■ DIRECTIONS: Only lines that contain the word "Asym" belong in the answer; copy them from the records below.

■ EXTRACTED ENTRIES:
Lemma closed_orth_translate e g : S e -> bform A e e != 0 -> Rt g ->
  S (g - e) -> bform A e g = 0 -> S g.
Proof.
move=> Se ee Rtg Sge eg; have [gg|gg] := eqVneq (bform A g g) 0.
  apply: S_isotropic_translate => //; exists (- e).
  by rewrite bformNN addrC; split=> //; apply: (S_oppr e).1.
by apply: (S_nonorth Sge) => //; rewrite bformBl eg subr0.
Qed.

Lemma string_closed_pos a b (k : int) : S a -> bform A a a != 0 -> S b -> 0 < k ->
  Rt (b + a *~ k) -> S (b + a *~ k).
Proof.
move=> Sa aa Sb k_gt0 Rtg; have [ag|] := eqVneq (bform A a (b + a *~ k)) 0;
  last exact: S_nonorth.
have prev : b + a *~ (k - 1) = b + a *~ k - a by rewrite mulrzBr mulr1z addrA.
have Sprev : S (b + a *~ (k - 1)).
  apply: (S_nonorth Sa).
    exact: root_string_prev rootsRt (S_sub Sa) aa (S_sub Sb) k_gt0 Rtg.
  by rewrite prev bformBr ag sub0r oppr_eq0.
by apply: (closed_orth_translate Sa) => //; rewrite -prev.
Qed.

Lemma string_closed_subsystem : string_closed A Rt S.
Proof.
move=> a b k Sa aa Sb; case: (ltgtP k 0) => [k_lt0|k_gt0|->].
- have -> : a *~ k = (- a) *~ (- k) by rewrite mulNrz mulrNz opprK.
  by apply: string_closed_pos; rewrite ?oppr_gt0 ?bformNN //; apply: (S_oppr a).1.
- exact: string_closed_pos.
- by rewrite mulr0z addr0.
Qed.

End StringClosure.

Definition isotropic_completion (R : realType) (n : nat) (A : 'M[R]_n)
    (Rt S : 'rV[R]_n -> Prop) (v : 'rV[R]_n) : Prop :=
  (S v /\ bform A v v != 0) \/ (zspan S v /\ Rt v /\ bform A v v = 0).

Section IsotropicCompletion.
Variables (R : realType) (n : nat) (A : 'M[R]_n) (W0 Rt S : 'rV[R]_n -> Prop).
Hypothesis Asym : A^T = A.
Hypothesis Apsd : forall u, 0 <= bform A u u.
Hypothesis rootsRt : GRRS A W0 Rt.
Hypothesis S_sub : forall v, S v -> Rt v.
Hypothesis S_oppr : forall v, S v <-> S (- v).
Hypothesis S_nonorth : forall a b, S a -> Rt b -> bform A a b != 0 -> S b.
Hypothesis S_strings : string_closed A Rt S.

Local Notation S' := (isotropic_completion A Rt S).

Lemma completion_sub v : S' v -> Rt v.
Proof. by case=> [[/S_sub]|[_ []]]. Qed.

Lemma completion_zspan v : S' v -> zspan S v.
Proof. by case=> [[/zspan_in]|[]]. Qed.

Lemma completion_anisotropic v : S' v -> bform A v v != 0 -> S v.
Proof. by case=> [[]|[_ [_ ->]]]; rewrite ?eqxx. Qed.

Lemma in_completion v : S v -> S' v.
Proof.
move=> Sv; have [vv|vv] := eqVneq (bform A v v) 0; [right|by left].
by split; [apply: zspan_in | split=> //; apply: S_sub].
Qed.

Lemma completion_oppr v : S' v -> S' (- v).
Proof.
have [_ [_ [Rt_oppr _]]] := rootsRt.
rewrite /isotropic_completion bformNN -mulrN1z.
case=> [[/S_oppr Sv vv]|[Zv [/Rt_oppr Rtv vv]]]; first by left; rewrite mulrN1z.
by right; split; [apply: zspanMz | rewrite mulrN1z].
Qed.

Lemma rspan_completion v : rspan S' v <-> rspan S v.
Proof.
split; apply: rspan_sub => w.
  by move/completion_zspan/zspan_rspan.
by move/in_completion/rspan_in.
Qed.

Lemma string_closed_completion : string_closed A Rt S'.
Proof.
move=> a b k S'a aa S'b Rtg; have Sa := completion_anisotropic S'a aa.
have [gg|gg] := eqVneq (bform A (b + a *~ k) (b + a *~ k)) 0.
  right; split=> //; apply: zspanD; first exact: completion_zspan.
  exact/zspanMz/zspan_in.
left; split=> //; case: S'b => [[Sb _]|[_ [_ bb]]]; first exact: S_strings.
have [ag|] := eqVneq (bform A a (b + a *~ k)) 0; last exact: S_nonorth.
move: ag; rewrite bformDr bformMzr (bform_isotropic_orth Asym Apsd _ bb) add0r.
move=> /eqP; rewrite mulf_eq0 (negbTE aa) orbF intr_eq0 => /eqP k0.
by move: gg; rewrite k0 mulr0z addr0 bb eqxx.
Qed.

End IsotropicCompletion.

Theorem lemma2p1 (R : realType) (n : nat) (A : 'M[R]_n)
  (Asym : A^T = A) (Apsd : forall u : 'rV[R]_n, 0 <= bform A u u) (Anz : A != 0)
  (Rt R1 : 'rV[R]_n -> Prop)
  (HR : GRRS A (fun _ => True) Rt)
  (Hsub : forall v, R1 v -> Rt v)
  (Hne : exists a, R1 a /\ bform A a a != 0)
  (Ha : forall v, R1 v <-> R1 (- v))
  (Hb : forall d, Rt d -> bform A d d = 0 ->
          (exists a', R1 a' /\ bform A a' a' != 0 /\ R1 (a' + d)) -> R1 d)
  (Hc : forall a' b, R1 a' -> Rt b -> bform A a' b != 0 -> R1 b) :
  GRRS A (rspan R1) R1 /\
  GRRS A (rspan R1)
    (fun v => (R1 v /\ bform A v v != 0) \/ (zspan R1 v /\ Rt v /\ bform A v v = 0)).
Proof.
have closedR1 : string_closed A Rt R1 := string_closed_subsystem HR Hsub Ha Hb Hc.
split; first exact: GRRS_subsystem HR Hsub Hne Ha (fun v => iff_refl _) closedR1.
have [a [R1a aa]] := Hne.
change (GRRS A (rspan R1) (isotropic_completion A Rt R1)).
apply: (GRRS_subsystem HR (completion_sub Hsub)).
- by exists a; split=> //; left.
- by move=> v; split=> /(completion_oppr HR Ha); rewrite ?opprK.
- by move=> v; apply: iff_sym; apply: rspan_completion.
- exact: string_closed_completion Asym Apsd Hc closedR1.
Qed.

■ WRITTEN SOLUTION:
Hypothesis Asym : A^T = A.
move: ag; rewrite bformDr bformMzr (bform_isotropic_orth Asym Apsd _ bb) add0r.
  (Asym : A^T = A) (Apsd : forall u : 'rV[R]_n, 0 <= bform A u u) (Anz : A != 0)
- exact: string_closed_completion Asym Apsd Hc closedR1.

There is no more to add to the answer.